Records from a data source
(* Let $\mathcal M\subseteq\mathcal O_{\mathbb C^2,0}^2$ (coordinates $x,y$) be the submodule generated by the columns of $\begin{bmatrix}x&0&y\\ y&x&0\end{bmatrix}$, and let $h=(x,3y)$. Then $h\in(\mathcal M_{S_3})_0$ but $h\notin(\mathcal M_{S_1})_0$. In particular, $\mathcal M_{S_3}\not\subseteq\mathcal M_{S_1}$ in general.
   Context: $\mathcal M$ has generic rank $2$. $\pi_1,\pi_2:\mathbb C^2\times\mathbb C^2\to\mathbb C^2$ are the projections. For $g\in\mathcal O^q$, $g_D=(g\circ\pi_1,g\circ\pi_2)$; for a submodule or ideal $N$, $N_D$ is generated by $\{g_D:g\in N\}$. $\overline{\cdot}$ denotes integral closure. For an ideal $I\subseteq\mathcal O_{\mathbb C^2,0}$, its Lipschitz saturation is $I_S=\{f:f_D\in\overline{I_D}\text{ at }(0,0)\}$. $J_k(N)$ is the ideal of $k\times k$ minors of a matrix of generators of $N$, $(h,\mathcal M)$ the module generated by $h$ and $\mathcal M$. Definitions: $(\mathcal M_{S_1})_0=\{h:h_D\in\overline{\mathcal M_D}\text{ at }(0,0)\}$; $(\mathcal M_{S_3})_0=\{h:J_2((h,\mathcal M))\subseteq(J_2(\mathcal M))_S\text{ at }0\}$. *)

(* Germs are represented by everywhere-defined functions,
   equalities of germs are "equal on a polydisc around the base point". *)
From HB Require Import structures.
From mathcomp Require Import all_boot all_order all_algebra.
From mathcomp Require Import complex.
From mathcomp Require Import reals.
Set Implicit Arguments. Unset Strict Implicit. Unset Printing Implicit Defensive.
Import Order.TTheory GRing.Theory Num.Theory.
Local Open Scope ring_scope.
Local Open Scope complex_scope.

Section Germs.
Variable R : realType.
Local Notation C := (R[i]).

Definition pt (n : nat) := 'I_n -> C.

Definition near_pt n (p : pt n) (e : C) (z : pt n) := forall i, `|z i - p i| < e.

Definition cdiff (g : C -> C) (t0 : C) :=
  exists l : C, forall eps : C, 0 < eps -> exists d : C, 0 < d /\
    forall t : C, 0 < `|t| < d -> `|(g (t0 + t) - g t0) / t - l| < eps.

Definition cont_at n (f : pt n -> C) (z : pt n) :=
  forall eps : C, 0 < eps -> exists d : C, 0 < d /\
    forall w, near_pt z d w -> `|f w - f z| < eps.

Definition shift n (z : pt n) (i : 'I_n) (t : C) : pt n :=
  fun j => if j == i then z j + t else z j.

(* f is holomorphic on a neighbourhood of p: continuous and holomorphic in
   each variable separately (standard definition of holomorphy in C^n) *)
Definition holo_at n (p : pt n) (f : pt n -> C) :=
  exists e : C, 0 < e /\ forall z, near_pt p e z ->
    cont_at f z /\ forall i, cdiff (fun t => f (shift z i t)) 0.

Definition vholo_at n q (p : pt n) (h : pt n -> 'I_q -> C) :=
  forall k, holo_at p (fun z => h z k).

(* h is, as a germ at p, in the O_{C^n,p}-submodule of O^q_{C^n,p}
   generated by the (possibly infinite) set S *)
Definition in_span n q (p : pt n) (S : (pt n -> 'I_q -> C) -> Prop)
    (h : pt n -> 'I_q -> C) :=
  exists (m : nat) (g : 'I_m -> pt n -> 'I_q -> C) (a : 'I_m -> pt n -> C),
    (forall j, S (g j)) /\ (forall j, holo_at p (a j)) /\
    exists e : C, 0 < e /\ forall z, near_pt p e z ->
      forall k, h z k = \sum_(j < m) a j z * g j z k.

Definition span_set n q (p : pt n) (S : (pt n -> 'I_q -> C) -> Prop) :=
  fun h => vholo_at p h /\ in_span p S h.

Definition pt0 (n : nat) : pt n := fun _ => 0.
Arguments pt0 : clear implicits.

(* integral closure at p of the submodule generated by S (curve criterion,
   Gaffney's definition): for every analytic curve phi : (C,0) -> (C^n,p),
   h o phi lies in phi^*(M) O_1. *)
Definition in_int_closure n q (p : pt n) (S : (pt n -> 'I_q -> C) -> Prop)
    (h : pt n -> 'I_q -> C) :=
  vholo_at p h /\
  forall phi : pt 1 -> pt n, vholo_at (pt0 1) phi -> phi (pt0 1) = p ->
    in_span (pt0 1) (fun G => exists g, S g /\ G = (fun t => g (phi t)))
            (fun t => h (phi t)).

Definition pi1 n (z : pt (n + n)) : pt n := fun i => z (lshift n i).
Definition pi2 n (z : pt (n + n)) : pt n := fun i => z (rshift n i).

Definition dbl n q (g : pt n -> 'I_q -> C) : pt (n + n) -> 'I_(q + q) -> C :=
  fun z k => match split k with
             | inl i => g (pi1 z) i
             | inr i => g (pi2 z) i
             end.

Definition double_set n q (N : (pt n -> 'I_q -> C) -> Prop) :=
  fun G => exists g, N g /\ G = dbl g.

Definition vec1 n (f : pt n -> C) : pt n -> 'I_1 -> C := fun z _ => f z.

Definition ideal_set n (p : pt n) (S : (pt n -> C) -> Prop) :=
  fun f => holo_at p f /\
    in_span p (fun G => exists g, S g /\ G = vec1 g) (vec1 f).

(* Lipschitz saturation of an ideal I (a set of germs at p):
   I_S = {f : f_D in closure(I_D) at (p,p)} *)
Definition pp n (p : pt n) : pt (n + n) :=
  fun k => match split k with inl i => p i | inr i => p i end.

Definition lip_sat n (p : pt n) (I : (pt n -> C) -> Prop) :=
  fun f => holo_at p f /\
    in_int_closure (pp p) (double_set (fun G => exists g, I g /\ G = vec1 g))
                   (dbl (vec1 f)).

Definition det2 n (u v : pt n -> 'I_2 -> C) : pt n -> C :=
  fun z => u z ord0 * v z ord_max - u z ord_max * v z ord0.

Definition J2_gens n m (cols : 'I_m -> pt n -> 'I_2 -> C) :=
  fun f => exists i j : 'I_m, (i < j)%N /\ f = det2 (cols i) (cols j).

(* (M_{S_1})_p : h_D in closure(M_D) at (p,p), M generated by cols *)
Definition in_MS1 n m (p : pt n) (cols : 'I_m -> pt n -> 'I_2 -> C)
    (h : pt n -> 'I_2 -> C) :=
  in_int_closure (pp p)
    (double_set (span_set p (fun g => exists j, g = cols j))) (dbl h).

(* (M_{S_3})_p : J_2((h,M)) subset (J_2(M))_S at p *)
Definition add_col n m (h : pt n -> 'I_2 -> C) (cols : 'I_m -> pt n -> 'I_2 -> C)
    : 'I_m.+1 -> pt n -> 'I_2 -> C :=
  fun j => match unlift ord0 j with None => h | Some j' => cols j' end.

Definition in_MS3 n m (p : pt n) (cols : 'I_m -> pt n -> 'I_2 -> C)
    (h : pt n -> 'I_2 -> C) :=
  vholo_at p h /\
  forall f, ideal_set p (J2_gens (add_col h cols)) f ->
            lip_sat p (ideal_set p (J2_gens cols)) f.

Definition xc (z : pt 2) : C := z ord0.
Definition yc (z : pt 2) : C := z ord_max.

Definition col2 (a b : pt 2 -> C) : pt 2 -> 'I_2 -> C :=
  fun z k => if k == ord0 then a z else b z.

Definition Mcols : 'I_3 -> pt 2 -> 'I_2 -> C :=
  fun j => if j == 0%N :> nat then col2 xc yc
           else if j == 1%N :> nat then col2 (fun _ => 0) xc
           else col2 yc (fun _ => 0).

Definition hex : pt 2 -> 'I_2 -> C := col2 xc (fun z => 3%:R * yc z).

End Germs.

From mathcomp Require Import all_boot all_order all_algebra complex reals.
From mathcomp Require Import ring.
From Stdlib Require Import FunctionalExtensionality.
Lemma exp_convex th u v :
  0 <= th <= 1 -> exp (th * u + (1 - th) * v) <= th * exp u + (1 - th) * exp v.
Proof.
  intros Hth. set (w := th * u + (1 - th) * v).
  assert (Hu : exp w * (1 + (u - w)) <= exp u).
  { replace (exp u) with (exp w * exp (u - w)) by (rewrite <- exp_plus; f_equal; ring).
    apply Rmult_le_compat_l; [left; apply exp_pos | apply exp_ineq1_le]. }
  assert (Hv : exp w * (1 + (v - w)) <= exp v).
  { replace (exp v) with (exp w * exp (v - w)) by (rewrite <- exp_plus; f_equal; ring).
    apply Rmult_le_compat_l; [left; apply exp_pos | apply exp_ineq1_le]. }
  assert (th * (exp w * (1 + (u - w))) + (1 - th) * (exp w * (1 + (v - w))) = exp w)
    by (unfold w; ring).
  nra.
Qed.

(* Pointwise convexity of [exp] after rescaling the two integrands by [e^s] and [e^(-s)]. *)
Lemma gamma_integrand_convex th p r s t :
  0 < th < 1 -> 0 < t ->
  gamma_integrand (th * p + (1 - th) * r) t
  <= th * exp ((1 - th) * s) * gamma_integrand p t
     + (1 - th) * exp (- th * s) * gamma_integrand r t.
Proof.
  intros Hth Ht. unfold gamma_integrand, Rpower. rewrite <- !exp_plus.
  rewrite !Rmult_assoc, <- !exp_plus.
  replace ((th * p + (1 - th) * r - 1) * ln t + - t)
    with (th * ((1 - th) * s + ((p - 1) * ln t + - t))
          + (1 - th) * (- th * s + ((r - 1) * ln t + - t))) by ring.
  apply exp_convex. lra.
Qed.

▶ _Task goal_
Using the entries above, count the lines that have the string "saturation" in them. Answer with that number only.

▶ _Task response_
2